A simple example of bar graph is the following
import numpy as np
import matplotlib.pyplot as plt
langs = ['C', 'C++', 'Java', 'Python', 'PHP']
students = [23,17,35,29,12]
plt.bar(langs, students)
plt.xlabel("Programming Language")
plt.ylabel("Number of Students")
plt.title("Number of Students in each Programming Language")
plt.show()
A data on csv contains the number of COVID-19 cases according to age groups. Each age groups consist of 10 years. The head of the data looks like this
Sno,AgeGroup,TotalCases,Percentage
1,0-9,22,3.18%
2,10-19,27,3.90%
3,20-29,172,24.86%
4,30-39,146,21.10%
5,40-49,112,16.18%
6,50-59,77,11.13%
7,60-69,89,12.86%
8,70-79,28,4.05%
9,>=80,10,1.45%
We can use 1st and 3rd column of the data to plot the following bar graph.
import numpy as np
import matplotlib.pyplot as plt
# getting the data in lists
age_group = np.loadtxt("agegroupcovid.csv", delimiter=',', skiprows=1, usecols=(1), unpack=True, dtype=np.str)
positive = np.loadtxt("agegroupcovid.csv", delimiter=',', skiprows=1, usecols=(2), unpack=True)
# plotting the bar graph
plt.bar(age_group, positive, color='red')

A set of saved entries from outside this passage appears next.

(* Let $u$ and $v$ be two prime words such that $u<_{lex}v$. Then $u^\alpha v$ is a prime word for every ordinal $\alpha$.
   Context: $A$ is a finite alphabet with a linear order $<_A$. Words are sequences of letters indexed by countable ordinals; $x^\alpha$ is the concatenation of $\alpha$ copies of $x$. A prefix of $x$ is $x[0,\gamma)$, a suffix is $x[\gamma,|x|)$ ($0\le\gamma\le|x|$), proper if $0<\gamma<|x|$. Write $x<_{str}x'$ if there are letters $a<_Ab$ and words $y,z,z'$ with $x=yaz$, $x'=ybz'$; $x\le_{lex}x'$ iff $x$ is a prefix of $x'$ or $x<_{str}x'$; $<_{lex}$ is its strict version. A word $x$ is primitive if $x=y^\alpha$ implies $\alpha=1$ and $y=x$. A word $w$ is prime if it is primitive and every proper suffix $z$ of $w$ satisfies $w\le_{lex}z$. *)

From mathcomp Require Import all_boot all_order.
Set Implicit Arguments. Unset Strict Implicit. Unset Printing Implicit Defensive.
Import Order.TTheory.

(* A (raw) transfinite word over A: a type of positions with an order
   relation and a labelling.  Genuine words are those satisfying [is_word]:
   the order is a strict well-order and the position set is countable, i.e.
   positions are indexed by a countable ordinal.  Words are identified up to
   label-preserving order isomorphism ([weq]). *)
Record rword (A : Type) := RWord {
  pos : Type;
  plt : pos -> pos -> Prop;
  lbl : pos -> A }.

Definition is_word (A : Type) (x : rword A) : Prop :=
  (forall p : pos x, ~ plt p p) /\
  (forall p q r : pos x, plt p q -> plt q r -> plt p r) /\
  (forall p q : pos x, plt p q \/ p = q \/ plt q p) /\
  well_founded (@plt A x) /\
  (exists f : pos x -> nat, forall p q, f p = f q -> p = q).

(* Countable ordinals = genuine words over the one-letter alphabet unit. *)
Definition cordinal := rword unit.

Definition weq (A : Type) (x y : rword A) : Prop :=
  exists (f : pos x -> pos y) (g : pos y -> pos x),
    (forall p, g (f p) = p) /\ (forall q, f (g q) = q) /\
    (forall p q, plt p q <-> plt (f p) (f q)) /\
    (forall p, lbl (f p) = lbl p).

Definition concat (A : Type) (x y : rword A) : rword A :=
  @RWord A (pos x + pos y)%type
    (fun s t => match s, t with
                | inl p, inl q => plt p q
                | inl _, inr _ => True
                | inr _, inl _ => False
                | inr p, inr q => plt p q
                end)
    (fun s => match s with inl p => lbl p | inr q => lbl q end).

Definition letter (A : Type) (a : A) : rword A :=
  @RWord A unit (fun _ _ => False) (fun _ => a).

Definition ord_one : cordinal := letter tt.

Definition nonempty (A : Type) (x : rword A) : Prop := inhabited (pos x).

(* x^alpha : concatenation of alpha copies of x (lexicographic order on
   alpha x |x|, copy index first). *)
Definition wpow (A : Type) (x : rword A) (alpha : cordinal) : rword A :=
  @RWord A (pos alpha * pos x)%type
    (fun s t => plt s.1 t.1 \/ (s.1 = t.1 /\ plt s.2 t.2))
    (fun s => lbl s.2).

Definition wprefix (A : Type) (x x' : rword A) : Prop :=
  exists z, is_word z /\ weq x' (concat x z).

(* z is a proper suffix of w : w = y z with y, z nonempty
   (i.e. z = w[gamma,|w|) with 0 < gamma < |w|). *)
Definition proper_suffix (A : Type) (z w : rword A) : Prop :=
  exists y, is_word y /\ nonempty y /\ nonempty z /\ weq w (concat y z).

Section Lex.
Context {d : Order.disp_t} {A : orderType d}.

Definition str_lt (x x' : rword A) : Prop :=
  exists (y z z' : rword A) (a b : A),
    is_word y /\ is_word z /\ is_word z' /\ (a < b)%O /\
    weq x (concat y (concat (letter a) z)) /\
    weq x' (concat y (concat (letter b) z')).

Definition lex_le (x x' : rword A) : Prop := wprefix x x' \/ str_lt x x'.
Definition lex_lt (x x' : rword A) : Prop := lex_le x x' /\ ~ weq x x'.

Definition primitive (x : rword A) : Prop :=
  forall (y : rword A) (alpha : cordinal), is_word y -> is_word alpha ->
    weq x (wpow y alpha) -> weq alpha ord_one /\ weq y x.

Definition prime_word (w : rword A) : Prop :=
  primitive w /\ forall z, is_word z -> proper_suffix z w -> lex_le w z.
End Lex.

(* Write w = u^alpha v.  The main step is that u^J v <= v for every countable
   ordinal J, by transfinite induction on J.  Primality of v and u < v give
   u v <= v, hence u^(J+1) v <= u^J v.  For the limit step, v cannot be a proper
   prefix of u^J v, and if v <_str u^J v then the first letter where they differ
   lies in some copy of u, indexed by e in J, which yields v <_str u^(e+1) v <= v.
   A suffix of w is either a suffix of v, hence >= v >= w, or s u^beta v with s
   a suffix of u and beta a final segment of alpha.  As u is prime, either s = u,
   and then, beta being isomorphic to a prefix of alpha, w = u^beta u^rho v is
   <= u^beta v; or u <_str s, and then w <_str s u^beta v.
   If w = y^beta, the first letter of v falls into the copy of y indexed by some
   b in beta.  The part of y^beta after that copy (or the copy itself, if it is
   the last one) is both a prefix and a suffix of w, hence equal to w.  This
   forces v = w = y^beta, so that beta = 1 by primitivity of v, or y = w, so
   that again beta = 1. *)

From mathcomp Require Import all_boot all_order.
From Stdlib Require Import Classical ClassicalEpsilon FunctionalExtensionality.
From Stdlib Require Import ProofIrrelevance Cantor Setoid.

Set Implicit Arguments. Unset Strict Implicit. Unset Printing Implicit Defensive.
Import Order.TTheory.

(** * Words up to isomorphism *)

Section Words.
Variable L : Type.
Implicit Types x y z : rword L.

Lemma weq_refl x : weq x x.
Proof. by exists id, id. Qed.

Lemma weq_sym x y : weq x y -> weq y x.
Proof.
case=> f [g [gf [fg [mono lblf]]]]; exists g, f; do !split=> //.
- by rewrite (mono (g p)) !fg.
- by rewrite (mono (g p)) !fg.
- by move=> q; rewrite -{2}(fg q) lblf.
Qed.

Lemma weq_trans x y z : weq x y -> weq y z -> weq x z.
Proof.
case=> f [g [gf [fg [mono lblf]]]] [f' [g' [gf' [fg' [mono' lblf']]]]].
exists (f' \o f), (g \o g'); do !split=> /=.
- by move=> p; rewrite gf' gf.
- by move=> q; rewrite fg fg'.
- by rewrite -mono' -mono.
- by rewrite -mono' -mono.
- by move=> p; rewrite lblf' lblf.
Qed.

Lemma plt_irr x : is_word x -> forall p : pos x, ~ plt p p.
Proof. by case. Qed.

Lemma plt_trans x : is_word x -> forall p q r : pos x, plt p q -> plt q r -> plt p r.
Proof. by case=> _ []. Qed.

Lemma plt_total x : is_word x -> forall p q : pos x, plt p q \/ p = q \/ plt q p.
Proof. by case=> _ [_ []]. Qed.

Lemma plt_wf x : is_word x -> well_founded (@plt L x).
Proof. by case=> _ [_ [_ []]]. Qed.

Lemma plt_ind x : is_word x -> forall P : pos x -> Prop,
  (forall p, (forall q, plt q p -> P q) -> P p) -> forall p, P p.
Proof. by move=> /plt_wf wf P; apply: well_founded_ind. Qed.

Lemma plt_min x (P : pos x -> Prop) : is_word x -> (exists p, P p) ->
  exists2 m, P m & forall q, P q -> ~ plt q m.
Proof.
move=> wx [p]; elim/(plt_ind wx): p => p IH Pp.
case: (classic (exists2 q, P q & plt q p)) => [[q Pq qp] | nobelow].
  exact: (IH q qp Pq).
by exists p => // q Pq qp; apply: nobelow; exists q.
Qed.

Lemma weq_of_mono x y (f : pos x -> pos y) : is_word x -> is_word y ->
  (forall p q, plt p q -> plt (f p) (f q)) -> (forall q, exists p, f p = q) ->
  (forall p, lbl (f p) = lbl p) -> weq x y.
Proof.
move=> wx wy mono onto lblf; have [g fg] := choice _ onto.
have reflect_lt p q : plt (f p) (f q) -> plt p q.
  move=> fpq; case: (plt_total wx p q) => [// | [E | /mono qp]].
    by move: fpq; rewrite E => /(plt_irr wy).
  by case: (plt_irr wy (plt_trans wy fpq qp)).
have inj p q : f p = f q -> p = q.
  move=> E; case: (plt_total wx p q) => [/mono | [// | /mono]]; rewrite E => /(plt_irr wy) //.
exists f, g; do !split => //.
- by move=> p; apply: inj; rewrite fg.
- exact: mono.
- exact: reflect_lt.
Qed.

# adding attributes to the graph
plt.xlabel("Age Group")
plt.ylabel("Positive CoVid-19 Cases")
plt.title("COVID cases in each Age Group")
# showing the graph
plt.show()
2.3 Pie Chart¶
A pie chart is a circular chart divided into sectors,to illustrate numerical proportion. Pie chart is plotted using pie
function from matplotlib.pyplot
library.
A simple pie chart can be plotted as
import numpy as np
import matplotlib.pyplot as plt
langs = ['C', 'C++', 'Java', 'Python', 'PHP']
students = [23,17,35,29,12]
plt.pie(students, labels = langs)
plt.show()
The COVID-19 example can also be represented in pie chart using the following code.
import numpy as np
import matplotlib.pyplot as plt
age_group = np.loadtxt("agegroupcovid.csv", delimiter=',', skiprows=1, usecols=(1), unpack=True, dtype=np.str)
positive = np.loadtxt("agegroupcovid.csv", delimiter=',', skiprows=1, usecols=(2), unpack=True)
plt.pie(positive, labels=age_group)
plt.title("COVID cases in each Age Group")
plt.show()
Ex: Make a plot of each type using any data of your choice.